(Aim of the task): Only the lines with "pact" in them need to be copied from the listing.

**** Information ****

Lemma cancel_lead F m : J' F -> lead_mon (lew u) F m ->
  exists H, [/\ J' H, H \is (mdeg m).-homog, {in msupp H, forall x, lew u x m},
    H@_m = F@_m & init_ideal w J' (wpart u (wdeg u m) H)].
Proof.
move=> JF lF; have [F0 [m0 [JF0 lF0 m0m dm0]]] := lowJ' JF lF.
have [G [JG hG lG eG]] := stable_lift JF0 lF0 dm0.
set a := (m - m0)%MM; have ma : m = (a + m0)%MM by rewrite /a submK.
have nzG : G@_m0 != 0 by rewrite -mcoeff_msupp; case: lG.
have XGm : ('X_[a] * G)@_m = G@_m0.
  by rewrite ma mcoeffXM lem_addr [(a + m0)%MM]addmC addmK.
exists ((F@_m / G@_m0) *: ('X_[a] * G)); split.
- exact (idealZ idJ' _ (idealMl idJ' _ JG)).
- by rewrite rpredZ // ma mdegD dhomogM ?dhomogX.
- move=> _ /msuppZ_le /msuppXM [x xG ->]; rewrite ma addmC [(a + m0)%MM]addmC.
  by apply: lew_addr; case: lG => _; apply.
- by rewrite mcoeffZ XGm divfK.
rewrite /wpart linearZ /= mrestrXM; apply: idealZ; first exact: is_ideal_gen.
apply: idealMl; first exact: is_ideal_gen.
have -> : mrestr (fun x => wdeg u (a + x)%MM == wdeg u m) G = wpart u (wdeg u m0) G.
  by apply: eq_in_mrestr => x _; rewrite /= ma !wdegD (inj_eq (addrI _)).
by rewrite -(in_w_lead hG lG) eG; apply: ideal_gen_sub; exists G.
Qed.

Lemma wpart_lead_init e m : mdeg m = e -> forall F, J' F -> F \is e.-homog ->
  lead_mon (lew u) F m -> init_ideal w J' (wpart u (wdeg u m) F).
Proof.
move: m; apply: (mdeg_wf_ind (@lew_trans _ _ u) (@lew_anti _ _ u)).
move=> m dm IH F JF hF lF.
have [H [JH hH le_Hm Hm IH_H]] := cancel_lead JF lF.
rewrite -(subrK H F) /wpart linearD /=; apply: idealD IH_H; first exact: is_ideal_gen.
rewrite -/(wpart u (wdeg u m) (F - H)); set F2 := F - H.
have JF2 : J' F2 by exact (idealB idJ' JF JH).
have hF2 : F2 \is e.-homog by rewrite rpredB // -dm.
have le_F2m : {in msupp F2, forall x, lew u x m}.
  by move=> x /msuppB_le; rewrite mem_cat => /orP[|/le_Hm //]; case: lF => _; apply.
have [->|nzF2] := eqVneq F2 0; first by rewrite /wpart linear0; exact: ideal0 (is_ideal_gen _).
have [m2 lF2] := lead_exists (@lew_total _ _ u) (@lew_trans _ _ u) nzF2.
have dm2 : mdeg m2 = e := dhomog_mf hF2 lF2.1.
have m2m : m2 != m.
  by apply: contraTneq lF2.1 => ->; rewrite mcoeff_msupp mcoeffB Hm subrr eqxx.
have [wm2|wm2] := eqVneq (wdeg u m2) (wdeg u m).
  by rewrite -wm2; apply: IH => //; exact: le_F2m lF2.1.
rewrite (wpart_below hF2 lF2); first exact: ideal0 (is_ideal_gen _).
by rewrite lt_neqAle wm2 (lew_wdeg _ (le_F2m _ lF2.1)) // dm2 dm.
Qed.

Lemma wpart_init e g F : J' F -> F \is e.-homog -> {in msupp F, forall x, wdeg u x <= g} ->
  init_ideal w J' (wpart u g F).
Proof.
move=> JF hF wF; have [->|nzF] := eqVneq F 0.
  by rewrite /wpart linear0; exact: ideal0 (is_ideal_gen _).
have [m lF] := lead_exists (@lew_total _ _ u) (@lew_trans _ _ u) nzF.
have [<-|wmg] := eqVneq (wdeg u m) g; first exact: wpart_lead_init (dhomog_mf hF lF.1) _ JF hF lF.
by rewrite (wpart_below hF lF) ?lt_neqAle ?wmg ?wF //; [exact: ideal0 (is_ideal_gen _) | case: lF].
Qed.

Lemma init_ideal_sub_transfer p : init_ideal u J' p -> init_ideal w J' p.
Proof.
apply: ideal_gen_min; first exact: is_ideal_gen.
move=> _ [f [Jf ->]]; have [g [-> wf]] := in_w_top u f.
rewrite {1}(pihomog_partitionE (leqnn (msize f))) /wpart linear_sum /=.
apply: ideal_sum => [|e]; first exact: is_ideal_gen.
apply: wpart_init (homJ'.2 _ _ Jf) (pihomogP _ _ _) _ => x.
by rewrite msupp_hcomp => /andP[_ /wf].
Qed.

End Inclusion.

Lemma Cw_transfer (u w : 'I_n -> R) : Cw J u w -> Cw J' u w.
Proof.
move=> Cuw; have Cwu : same_ideal (init_ideal u J) (init_ideal w J) by move=> q; apply: iff_sym.
by move=> p; split; apply: init_ideal_sub_transfer.
Qed.

End InitialIdealTransfer.

Definition msym_pre n (k : fieldType) (s : {perm 'I_n}) (J : {mpoly k[n]} -> Prop)
    (h : {mpoly k[n]}) := J (msym s h).

Section PermutedVariables.
Variables (n : nat) (k : fieldType) (R : realType).
Local Notation poly := {mpoly k[n]}.
Local Notation mono := 'X_{1..n}.
Local Notation "m # s" := [multinom m (s i) | i < n]
  (at level 40, left associativity, format "m # s").
Implicit Types (h p F : poly) (m : mono) (v : 'I_n -> R) (s : {perm 'I_n}).
Implicit Types (J : poly -> Prop).

Lemma pact_msym s h : pact s h = msym s h.
Proof.
rewrite /pact /comp_mpoly /msym /mmap; apply: eq_bigr => m _; congr (_ * _).
by apply: eq_bigr => i _; rewrite tnth_mktuple.
Qed.

Lemma msymK s : cancel (msym s : poly -> poly) (msym s^-1%g).
Proof. by move=> p; rewrite -msymMm mulgV msym1m. Qed.

Lemma msymKV s : cancel (msym s^-1%g : poly -> poly) (msym s).
Proof. by move=> p; rewrite -msymMm mulVg msym1m. Qed.

Lemma msupp_msym s p m : (m \in msupp (msym s p)) = (m # s \in msupp p).
Proof. by rewrite !mcoeff_msupp mcoeff_sym. Qed.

****

(Written reply):
Lemma pact_msym s h : pact s h = msym s h.
rewrite /pact /comp_mpoly /msym /mmap; apply: eq_bigr => m _; congr (_ * _).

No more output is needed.